Your are welcome to incorporate other data into your analysis, if necessary, as long as those other data sources are documented and their origin is clear.

Problem 1: Exploring the Mortality Data

Problem 1.1

The mortality data are available in a single mortality.zip file. Inside the zip file is a single CSV file named mortality_1987-2005.csv.bz2. Download and unzip the file. Read the mortality_1987-2005.csv.bz2 data into R using the readr package. Then, read the nmmaps_cities.csv file into R to get the metadata on the cities in the NMMAPS study.

## Add your code

Note that many of the “cities” in the NMMAPS data are actually combinations of different counties. So for example, “New York City” is a combination of 6 sepaparate counties. The nmmaps_cities.csv files provides the mapping of counties to “cities”. In addition, the 5-digit FIPS code identifying each county is provided here.

Problem 1.2

Make a plot of the daily mortality from all non-accidental deaths (death) versus date for the city of New Orleans, LA in the year 2004.

## Add your code

Are there interesting features such as when mortality tends to be high or low?

Add a summary of your findings here

Problem 1.3

Try making this same plot for different years, different cities, and different causes of death.

## Add your code

If you were to focus your analysis on a single city, or a few cities, which ones might be the most practical or interesting ones to choose?

Add a summary of your findings here

Problem 1.4

Take all of the data on non-accidental deaths for New York City, NY and divide them by season of the year. In which season does mortality tend to be the highest?

## Add your code

Add a summary of your findings here

Problem 1.5

Is the seasonal pattern of mortality the same in every city in the NMMAPS data? Summarize your results below.

## Add your code

Add a summary of your findings here

Problem 1.6

Take a look at any other temporal patterns in the data. Are there day-of-week effects? Weekly or monthly trends? Yearly trends?

## Add your code

Add a summary of your findings here

Problem 2: Exploring the Storm Event Data

The storm event database goes back until 1950, with one file per year. You will likely not need all of it.

Problem 2.1

Just to start, download the data for 2004 (these files are labeled StormEvents_details-*), read the data into R and take a look at it. You will see that the storm event data have a column for the year and date/time of each event. There are also separate columns for when the event began (i.e. BEGIN_DATE_TIME) and for when the event ended (END_DATE_TIME). Convert these columns into R date/time objects and add a new column that contains the length of each event in the dataset.

## Add your code

Problem 2.2

Given your new begin/end date columns, we can look at temporal patterns of specific storm events. How many flash floods occur in each of the four seasons of 2004 for the state of Texas?

## Add your code

Add a summary of your findings here

Problem 2.3

What is the seasonal pattern for other major storm events in the database? Adapt your code from above to explore these patterns for other event types and other locations.

## Add your code

Add a summary of your findings here

Problem 3: Linking the Datasets

Having thoroughly explored the mortality and storm events database, you will eventually need to link the two together in order to determine what if any connection there is between major storms and mortailty.

Problem 3.1

The mortality data are presented as a time series with the number of deaths for each day. However, the storm events data are presented as events, with one record for each event. One transformation that is likely to be useful is to convert the storm events data into a time series. A dataset of this nature will have a column for the date and another column indicating whether there was an event (i.e. flood, hurricane) occurring on that date.
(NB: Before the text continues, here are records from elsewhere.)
(* Let $G$ be an internally vertex-color-avoiding connected graph on $n$ vertices whose vertices are colored with exactly $k$ colors. Then $|E(G)|\ge \binom{n}{2}$ if $k=1$, and $|E(G)|\ge \left\lceil \frac{2k-1}{2k-2}n-\frac{k}{k-1}\right\rceil$ if $k\ge 2$. Moreover, these lower bounds are sharp (for each $k$, attained by suitable such graphs for all sufficiently large $n$).
   Context: Vertex-colorings are arbitrary (not necessarily proper). Two vertices $u,v$ are internally vertex-$c$-avoiding connected (for a color $c$) if some $u$-$v$ path contains no internal vertex of color $c$. A graph is internally vertex-color-avoiding connected if any two vertices are internally vertex-$c$-avoiding connected for every color $c$. *)

From HB Require Import structures.
From mathcomp Require Import all_boot all_order all_algebra.
Set Implicit Arguments. Unset Strict Implicit. Unset Printing Implicit Defensive.
From mathcomp Require Import ssrint rat archimedean.
Import Order.TTheory GRing.Theory Num.Theory.

Definition simple_graph n (e : rel 'I_n) : Prop := symmetric e /\ irreflexive e.

(* Edge set: unordered pairs {u,v} counted once, as pairs with u < v. *)
Definition num_edges n (e : rel 'I_n) : nat :=
  #|[set p : 'I_n * 'I_n | e p.1 p.2 && (p.1 < p.2)%N]|.

(* The (not necessarily proper) vertex colouring c uses exactly k colours. *)
Definition uses_exactly_k_colors n k (c : 'I_n -> 'I_k) : Prop :=
  forall j : 'I_k, exists v, c v = j.

(* u-v path: u :: p is an e-path with no repeated vertex ending at v;
   its internal vertices are those of u :: p other than the first and last,
   i.e. behead (belast u p). *)
Definition int_avoiding_connected n k (e : rel 'I_n) (c : 'I_n -> 'I_k)
    (col : 'I_k) (u v : 'I_n) : Prop :=
  exists p : seq 'I_n,
    [/\ path e u p, last u p = v, uniq (u :: p) &
        all (fun w => c w != col) (behead (belast u p))].

Definition int_vertex_color_avoiding_connected n k (e : rel 'I_n)
    (c : 'I_n -> 'I_k) : Prop :=
  forall (col : 'I_k) (u v : 'I_n), int_avoiding_connected e c col u v.

Definition icac_bound (n k : nat) : int :=
  if k == 1%N then Posz (binomial n 2)
  else Num.ceil (((2 * k - 1)%N%:R / (2 * k - 2)%N%:R) * n%:R - k%:R / (k - 1)%N%:R
                  : rat)%R.

From HB Require Import structures.
From mathcomp Require Import all_boot all_order all_algebra.
From mathcomp Require Import ssrint rat archimedean.
From mathcomp Require Import zify ring lra.
Import Order.TTheory GRing.Theory Num.Theory.
Set Implicit Arguments. Unset Strict Implicit. Unset Printing Implicit Defensive.

(* For a colour col, any two vertices not coloured col are joined by a path
   avoiding col, so these vertices span a connected subgraph with at least (their number - 1)
   edges.  Summing over the k colours counts every vertex k - 1 times, every monochromatic edge
   k - 1 times and every bichromatic edge k - 2 times:  (k - 1) n - k <= (k - 1) |E| - B, with B
   the number of bichromatic edges.  A path from v to a vertex of another colour avoiding the
   colour of v starts at a neighbour of another colour, so every vertex lies on a bichromatic edge
   and 2 B >= n; hence (2k - 1) n <= (2k - 2) |E| + 2k.  For k = 1 every path with an internal
   vertex is forbidden, so the graph is complete.

   Join two hubs coloured 0 and 1 by an edge and attach ears: paths of s <= 2k - 2 new
   vertices from hub 0 to hub 1, coloured 0, 2, 2, 3, 3, ..., 1 along the path.  An ear adds s
   vertices and s + 1 edges, and each colour occupies a segment of it, so after deleting a colour
   every remaining ear vertex still reaches a hub.  One ear of length 2k - 2 shows all k colours;
   covering the other vertices by ears of length 2k - 2 and one remainder ear attains the bound. *)

Definition walk_within (T : Type) (e : rel T) (A : pred T) (x y : T) : Prop :=
  exists p, [/\ path e x p, last x p = y & all A p].

Section Walks.
Variables (T : Type) (e : rel T) (A : pred T).

Lemma walk_within_refl x : walk_within e A x x.
Proof. by exists [::]. Qed.

Lemma walk_within1 x y : e x y -> A y -> walk_within e A x y.
Proof. by move=> exy Ay; exists [:: y]; rewrite /= exy Ay. Qed.

Lemma walk_within_trans y x z :
  walk_within e A x y -> walk_within e A y z -> walk_within e A x z.
Proof.
move=> [p [pp <- ap]] [q [qp <- aq]].
by exists (p ++ q); rewrite cat_path last_cat all_cat pp qp ap aq.
Qed.

Lemma walk_within_sym x y :
  symmetric e -> A x -> walk_within e A x y -> walk_within e A y x.
Proof.
move=> esym Ax [p [pp <- ap]]; elim: p x pp ap Ax => [|z p IH] x /=.
  by move=> *; apply: walk_within_refl.
case/andP=> exz pz /andP[Az ap] Ax.
apply: walk_within_trans (IH z pz ap Az) (walk_within1 _ Ax).
by rewrite esym.
Qed.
Create a time series for flash floods for the state of Louisiana in the year 2004. Then, make a time series plot of the flash floods.

## Add your code

Problem 3.2

Link the time series flood data with mortality data for New Orleans, LA from the NMMAPS dataset. Then, make a scatterplot of storm event and deaths in New Orleans for 2004.

## Add your code

Problem 3.3

Make the same scatterplot as above, but now stratified by season so that there are four plots.

## Add your code

At this point you may want to modify and adapt the code you’ve written above to explore the following additional questions:

What does the relationship between death and hurricanes or other major event times look like?
How does the scatterplot look in different years or states?
Does it make sense to look at a smaller geographical unit than the state? What about county/city?
Which major storm events are most frequent in which states? It might make sense to focus on events that are somewhat regularly occurring rather than very rare events.

Problem 4: Narrowing Down the Question

Once you’ve linked the data together and had the chance to work through some plots and visuals of the data, you will need to narrow things down in order to focus on an question for the purpose of the homework.

Consider the following questions as you narrow things down:

What is the best way to link the two datasets together?
What are the temporal and spatial units for linking the datasets together?
Which method of linkage requires the fewest assumptions about the data? Which methods requires the most assumptions?
What should the temporal and spatial scope of the final analysis be? Are we looking at all cities and all years? Or will we focus on one city in a single year? Or something in between?
What will the final product look like? A series of plots? Tables? (Note: It may not be entirely possible to answer this question yet.)

At this point you have should have a good idea of what specific aspect of the data you would like to use to develop an estimate of the mortality effect of major storms.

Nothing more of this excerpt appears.